# EXERCISE REQUIREMENTS
Repeat every line of the material, character for character.

# EXTRACTED RECORDS
(* Fix weights $w_i\ge0$ with $\sum_{i\in N}w_i=1$. There exists a unique PAF $\psi:\mathcal P^N\to\mathcal P$ that is Level-SP and satisfies weighted proportionality with respect to $\mathbf w$. It is the PAF whose associated CAF is $$\Psi(P_1,\dots,P_n)(a)=\mu_{\mathbf w}(P_1(a),\dots,P_n(a))\quad\text{for all }a\in\Lambda,\ (P_1,\dots,P_n)\in\mathcal C^N,$$ where $\mu_{\mathbf w}(\mathbf r)=\sup\{y\in[0,1]:\sum_{i:\,r_i\ge y}w_i\ge y\}$; in particular this PAF is certainty preserving.
   Context: Let $N=\{1,\dots,n\}$, $\Lambda\subseteq\mathbb R$ a nonempty Borel set, $\mathcal P$ the Borel probability measures on $\Lambda$, $\mathcal C$ the CDFs on $\Lambda$, $\pi(p)(a)=p(\{x\in\Lambda:x\le a\})$. A PAF is a map $\psi:\mathcal P^N\to\mathcal P$ with associated CAF $\Psi$ given by $\Psi(\pi(p_1),\dots,\pi(p_n))=\pi(\psi(p_1,\dots,p_n))$; $P_i=\pi(p_i)$. $\mathbf z_{-i}(z_i')$ is $\mathbf z$ with $i$-th coordinate replaced by $z_i'$. $\psi$ is Level-SP if for every $i$, $\mathbf P$, $P_i'$, $a$: $P_i(a)<\Psi(\mathbf P)(a)\Rightarrow\Psi(\mathbf P)(a)\le\Psi(\mathbf P_{-i}(P_i'))(a)$ and $P_i(a)>\Psi(\mathbf P)(a)\Rightarrow\Psi(\mathbf P)(a)\ge\Psi(\mathbf P_{-i}(P_i'))(a)$. $\delta_a$ denotes the Dirac mass at $a$. $\psi$ satisfies weighted proportionality (w.r.t. $\mathbf w$) if $\psi(\delta_{a_1},\dots,\delta_{a_n})=\sum_{i\in N}w_i\delta_{a_i}$ for all $(a_1,\dots,a_n)\in\Lambda^N$. $\psi$ is certainty preserving if for every profile $\mathbf p$ and Borel $A\subseteq\Lambda$, $p_i(A)=1$ for all $i$ implies $\psi(\mathbf p)(A)=1$. *)

From HB Require Import structures.
From mathcomp Require Import all_boot all_order all_algebra.
From mathcomp Require Import all_classical all_reals all_analysis.
Set Implicit Arguments. Unset Strict Implicit. Unset Printing Implicit Defensive.
Import Order.TTheory GRing.Theory Num.Theory.
Local Open Scope classical_set_scope.
Local Open Scope ring_scope.

(* Borel probability measures on Lambda (a Borel subset of R), represented as
   Borel probability measures on R that are concentrated on Lambda. *)
Definition PL (R : realType) (Lam : set R) :=
  {p : probability R R | p Lam = 1%E}.

Definition cdfL (R : realType) (Lam : set R) (p : PL Lam) (a : R) : R :=
  fine (sval p [set x | Lam x /\ x <= a]).

Definition PAF (R : realType) (Lam : set R) (n : nat) :=
  ('I_n -> PL Lam) -> PL Lam.

Definition upd (T : Type) (n : nat) (p : 'I_n -> T) (i : 'I_n) (q : T) : 'I_n -> T :=
  fun j => if j == i then q else p j.

Definition LevelSP (R : realType) (Lam : set R) (n : nat) (psi : PAF Lam n) : Prop :=
  forall (i : 'I_n) (p : 'I_n -> PL Lam) (q : PL Lam) (a : R), Lam a ->
    (cdfL (p i) a < cdfL (psi p) a -> cdfL (psi p) a <= cdfL (psi (upd p i q)) a) /\
    (cdfL (p i) a > cdfL (psi p) a -> cdfL (psi p) a >= cdfL (psi (upd p i q)) a).

Definition WeightedProp (R : realType) (Lam : set R) (n : nat) (w : 'I_n -> R)
    (psi : PAF Lam n) : Prop :=
  forall (a : 'I_n -> R) (p : 'I_n -> PL Lam),
    (forall i, Lam (a i)) ->
    (forall i A, measurable A -> sval (p i) A = \d_(a i) A) ->
    forall A, measurable A -> sval (psi p) A = (\sum_(i < n) (w i)%:E * \d_(a i) A)%E.

Definition CertaintyPreserving (R : realType) (Lam : set R) (n : nat)
    (psi : PAF Lam n) : Prop :=
  forall (p : 'I_n -> PL Lam) (A : set R), measurable A -> A `<=` Lam ->
    (forall i, sval (p i) A = 1%E) -> sval (psi p) A = 1%E.

Definition mu_w (R : realType) (n : nat) (w : 'I_n -> R) (r : 'I_n -> R) : R :=
  sup [set y : R | 0 <= y <= 1 /\ y <= \sum_(i < n | y <= r i) w i].

(* Fix a level [a] in [Lam].  Level strategy-proofness implies that the
   aggregate level [Psi(P)(a)] does not change when an agent whose report at
   [a] is strictly on one side of it switches to another report strictly on
   that side, and that switching a report to 0 (resp. 1) at [a] cannot raise
   (resp. lower) it.  Replacing
   the agents one at a time by Dirac masses at [a] or at a point [b > a] of
   [Lam], according to the side of [Psi(P)(a)] on which [P_i(a)] lies, and
   evaluating the final profile by weighted proportionality squeezes
   [Psi(P)(a)] between the sums defining [mu_w] (when no such [b] exists,
   every CDF equals 1 at [a]).
   Conversely, [t |-> mu_w(P_1(t), ..., P_n(t))] is a distribution function
   whose increments are dominated by those of [sum_i P_i], so its
   Lebesgue-Stieltjes measure [nu] satisfies [nu <= sum_i p_i]: it lives on
   [Lam] and gives full mass to every set of common certainty.  Uniqueness
   holds because a probability on [Lam] is determined by its CDF at the points
   of [Lam]: the CDF at [x] is approached from inside [Lam] below
   [sup (Lam `&` ]-oo, x])]. *)

From HB Require Import structures.
From mathcomp Require Import all_boot all_order all_algebra.
From mathcomp Require Import all_classical all_reals all_analysis.
From mathcomp Require Import lra.
Import Order.TTheory GRing.Theory Num.Theory.
Import numFieldTopology.Exports numFieldNormedType.Exports.
Local Open Scope classical_set_scope.
Local Open Scope ring_scope.
Set Implicit Arguments.
Unset Strict Implicit.
Unset Printing Implicit Defensive.

Section measure_cdf.
Variable R : realType.
Local Open Scope ereal_scope.

Lemma measure_itvoc (m : {measure set R -> \bar R}) (a b : R) :
  (a <= b)%R -> m `]-oo, b]%classic < +oo ->
  m `]a, b]%classic = m `]-oo, b]%classic - m `]-oo, a]%classic.
Proof.
move=> ab mb.
have -> : `]a, b]%classic = `]-oo, b]%classic `\` `]-oo, a]%classic.
  by rewrite -[RHS]setCK setCD setCitvl setUC -[LHS]setCK setCitv.
by rewrite measureD ?setIidr//; exact: subset_itvl.
Qed.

# OUTPUT FOR THIS EXERCISE
(* Fix weights $w_i\ge0$ with $\sum_{i\in N}w_i=1$. There exists a unique PAF $\psi:\mathcal P^N\to\mathcal P$ that is Level-SP and satisfies weighted proportionality with respect to $\mathbf w$. It is the PAF whose associated CAF is $$\Psi(P_1,\dots,P_n)(a)=\mu_{\mathbf w}(P_1(a),\dots,P_n(a))\quad\text{for all }a\in\Lambda,\ (P_1,\dots,P_n)\in\mathcal C^N,$$ where $\mu_{\mathbf w}(\mathbf r)=\sup\{y\in[0,1]:\sum_{i:\,r_i\ge y}w_i\ge y\}$; in particular this PAF is certainty preserving.
   Context: Let $N=\{1,\dots,n\}$, $\Lambda\subseteq\mathbb R$ a nonempty Borel set, $\mathcal P$ the Borel probability measures on $\Lambda$, $\mathcal C$ the CDFs on $\Lambda$, $\pi(p)(a)=p(\{x\in\Lambda:x\le a\})$. A PAF is a map $\psi:\mathcal P^N\to\mathcal P$ with associated CAF $\Psi$ given by $\Psi(\pi(p_1),\dots,\pi(p_n))=\pi(\psi(p_1,\dots,p_n))$; $P_i=\pi(p_i)$. $\mathbf z_{-i}(z_i')$ is $\mathbf z$ with $i$-th coordinate replaced by $z_i'$. $\psi$ is Level-SP if for every $i$, $\mathbf P$, $P_i'$, $a$: $P_i(a)<\Psi(\mathbf P)(a)\Rightarrow\Psi(\mathbf P)(a)\le\Psi(\mathbf P_{-i}(P_i'))(a)$ and $P_i(a)>\Psi(\mathbf P)(a)\Rightarrow\Psi(\mathbf P)(a)\ge\Psi(\mathbf P_{-i}(P_i'))(a)$. $\delta_a$ denotes the Dirac mass at $a$. $\psi$ satisfies weighted proportionality (w.r.t. $\mathbf w$) if $\psi(\delta_{a_1},\dots,\delta_{a_n})=\sum_{i\in N}w_i\delta_{a_i}$ for all $(a_1,\dots,a_n)\in\Lambda^N$. $\psi$ is certainty preserving if for every profile $\mathbf p$ and Borel $A\subseteq\Lambda$, $p_i(A)=1$ for all $i$ implies $\psi(\mathbf p)(A)=1$. *)

From HB Require Import structures.
From mathcomp Require Import all_boot all_order all_algebra.
From mathcomp Require Import all_classical all_reals all_analysis.
Set Implicit Arguments. Unset Strict Implicit. Unset Printing Implicit Defensive.
Import Order.TTheory GRing.Theory Num.Theory.
Local Open Scope classical_set_scope.
Local Open Scope ring_scope.

(* Borel probability measures on Lambda (a Borel subset of R), represented as
   Borel probability measures on R that are concentrated on Lambda. *)
Definition PL (R : realType) (Lam : set R) :=
  {p : probability R R | p Lam = 1%E}.

Definition cdfL (R : realType) (Lam : set R) (p : PL Lam) (a : R) : R :=
  fine (sval p [set x | Lam x /\ x <= a]).

Definition PAF (R : realType) (Lam : set R) (n : nat) :=
  ('I_n -> PL Lam) -> PL Lam.

Definition upd (T : Type) (n : nat) (p : 'I_n -> T) (i : 'I_n) (q : T) : 'I_n -> T :=
  fun j => if j == i then q else p j.

Definition LevelSP (R : realType) (Lam : set R) (n : nat) (psi : PAF Lam n) : Prop :=
  forall (i : 'I_n) (p : 'I_n -> PL Lam) (q : PL Lam) (a : R), Lam a ->
    (cdfL (p i) a < cdfL (psi p) a -> cdfL (psi p) a <= cdfL (psi (upd p i q)) a) /\
    (cdfL (p i) a > cdfL (psi p) a -> cdfL (psi p) a >= cdfL (psi (upd p i q)) a).

Definition WeightedProp (R : realType) (Lam : set R) (n : nat) (w : 'I_n -> R)
    (psi : PAF Lam n) : Prop :=
  forall (a : 'I_n -> R) (p : 'I_n -> PL Lam),
    (forall i, Lam (a i)) ->
    (forall i A, measurable A -> sval (p i) A = \d_(a i) A) ->
    forall A, measurable A -> sval (psi p) A = (\sum_(i < n) (w i)%:E * \d_(a i) A)%E.

Definition CertaintyPreserving (R : realType) (Lam : set R) (n : nat)
    (psi : PAF Lam n) : Prop :=
  forall (p : 'I_n -> PL Lam) (A : set R), measurable A -> A `<=` Lam ->
    (forall i, sval (p i) A = 1%E) -> sval (psi p) A = 1%E.

Definition mu_w (R : realType) (n : nat) (w : 'I_n -> R) (r : 'I_n -> R) : R :=
  sup [set y : R | 0 <= y <= 1 /\ y <= \sum_(i < n | y <= r i) w i].

(* Fix a level [a] in [Lam].  Level strategy-proofness implies that the
   aggregate level [Psi(P)(a)] does not change when an agent whose report at
   [a] is strictly on one side of it switches to another report strictly on
   that side, and that switching a report to 0 (resp. 1) at [a] cannot raise
   (resp. lower) it.  Replacing
   the agents one at a time by Dirac masses at [a] or at a point [b > a] of
   [Lam], according to the side of [Psi(P)(a)] on which [P_i(a)] lies, and
   evaluating the final profile by weighted proportionality squeezes
   [Psi(P)(a)] between the sums defining [mu_w] (when no such [b] exists,
   every CDF equals 1 at [a]).
   Conversely, [t |-> mu_w(P_1(t), ..., P_n(t))] is a distribution function
   whose increments are dominated by those of [sum_i P_i], so its
   Lebesgue-Stieltjes measure [nu] satisfies [nu <= sum_i p_i]: it lives on
   [Lam] and gives full mass to every set of common certainty.  Uniqueness
   holds because a probability on [Lam] is determined by its CDF at the points
   of [Lam]: the CDF at [x] is approached from inside [Lam] below
   [sup (Lam `&` ]-oo, x])]. *)

From HB Require Import structures.
From mathcomp Require Import all_boot all_order all_algebra.
From mathcomp Require Import all_classical all_reals all_analysis.
From mathcomp Require Import lra.
Import Order.TTheory GRing.Theory Num.Theory.
Import numFieldTopology.Exports numFieldNormedType.Exports.
Local Open Scope classical_set_scope.
Local Open Scope ring_scope.
Set Implicit Arguments.
Unset Strict Implicit.
Unset Printing Implicit Defensive.

Section measure_cdf.
Variable R : realType.
Local Open Scope ereal_scope.

Lemma measure_itvoc (m : {measure set R -> \bar R}) (a b : R) :
  (a <= b)%R -> m `]-oo, b]%classic < +oo ->
  m `]a, b]%classic = m `]-oo, b]%classic - m `]-oo, a]%classic.
Proof.
move=> ab mb.
have -> : `]a, b]%classic = `]-oo, b]%classic `\` `]-oo, a]%classic.
  by rewrite -[RHS]setCK setCD setCitvl setUC -[LHS]setCK setCitv.
by rewrite measureD ?setIidr//; exact: subset_itvl.
Qed.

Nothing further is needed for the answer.